Lead design reviews, design change control boards, and risk reviews to ensure disciplined design control processes.
Support software and hardware root cause investigations for field issues, manufacturing deviations, or test failures.
Lead product/production investigations and collaborate with development, product and quality system teams to identify failure modes, analyze issues, and drive corrective/preventive actions (CAPA).
Participate in post-market surveillance activities by investigating and resolving issues raised through complaints or quality events.
Contribute to ongoing design history file and technical document maintenance, as needed for regulatory submissions and audits.
Qualifications/Requirements:
Bachelor’s or Master’s degree in Engineering (Biomedical, Electrical, Mechanical, or related field).
7+ years of experience in medical device development, design engineering, quality engineering, or technical project management.
Strong knowledge of FDA 21 CFR Part 820, ISO 13485, ISO 14971, and EU MDR.
Experience with IEC 62304 (software lifecycle) and IEC 60601 (electrical safety & EMC).
Proven ability to manage cross-functional software and hardware projects, ideally in a sustaining or post-market context.

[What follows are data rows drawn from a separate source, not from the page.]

Lemma prime_power_unit_weighted_sum (q e i0 : nat) (x : seq nat) :
  prime q -> odd q -> 1 < count (coprime^~ q) x ->
  exists f : nat -> nat, [/\ forall i, coprime (f i) q, f i0 = 1 &
    q ^ e %| \sum_(i < size x) f i * nth 0 x i].
Proof.
move=> q_pr q_odd two_units.
have [k ltk /andP[ki0 cok]] := count_gt1_nth_neq 0 i0 two_units.
have [g [cog g_i0 co_rest]] :=
  coprime_partial_weighted_sum q_pr q_odd ki0 (count_gt1_nth_neq 0 k two_units).
(* Solving modulo q^(e+1) rather than q^e keeps the new weight a unit mod q when e = 0. *)
have qe_gt0 : 0 < q ^ e.+1 by rewrite expn_gt0 prime_gt0.
rewrite -(@coprime_pexpr e.+1) // in cok; rewrite -(@coprime_pexpr e.+1) // in co_rest.
have [u cou dvd_u] := coprime_mul_add_dvd qe_gt0 cok co_rest.
exists (fun i => if i == k then u else g i); split=> [i | | ].
- by case: ifP => // _; rewrite -(@coprime_pexpr e.+1).
- by rewrite eq_sym (negbTE ki0).
rewrite (bigD1 (Ordinal ltk)) //= eqxx.
rewrite (dvdn_trans (dvdn_exp2l q (leqnSn e))) //; congr (_ %| _ + _): dvd_u.
by apply: eq_bigr => i /negbTE ->.
Qed.

Lemma legendre_mod (a b p : nat) : a = b %[mod p] -> legendre a p = legendre b p.
Proof. by move=> eq_ab; rewrite /legendre /is_sq_mod /dvdn eq_ab. Qed.

Lemma legendre1 (p : nat) : 1 < p -> legendre 1 p = 1%R.
Proof.
move=> p_gt1; rewrite /legendre dvdn1 gtn_eqF //.
by have -> : is_sq_mod 1 p by apply/existsP; exists (Ordinal p_gt1).
Qed.

Lemma legendre_sqr (a p : nat) : ~~ (p %| a) -> (legendre a p ^+ 2 = 1)%R.
Proof. by move=> pNa; rewrite /legendre (negbTE pNa); case: ifP; rewrite ?sqrrN expr1n. Qed.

Hands-on experience with design control, requirements management, risk analysis, and V&V documentation.
Familiarity with CAPA processes and leading root cause investigations with software and hardware teams.
Experience working with or managing external design firms and contract manufacturers
Desired Characteristics:
Experience with spectroscopy, electromechanical systems, embedded devices, or diagnostic tools.
Exposure to SaMD development or integration into connected systems.
Agile/SCRUM project management experience; PMP certification is a plus.
Experience using tools such as JIRA, Confluence, or equivalent for design control and project tracking.
Previous experience contributing to 510(k), De Novo, or CE Mark submissions.
Strong analytical and problem-solving skills; structured approach to root cause investigation and design validation.
High attention to detail with excellent documentation and organizational discipline.
Proactive and accountable; thrives in a fast-paced, high-ownership environment.
Collaborative, team-first mindset with the ability to lead cross-functional discussions and drive alignment.
Excellent written and verbal communication skills, particularly in translating technical information for varied audiences.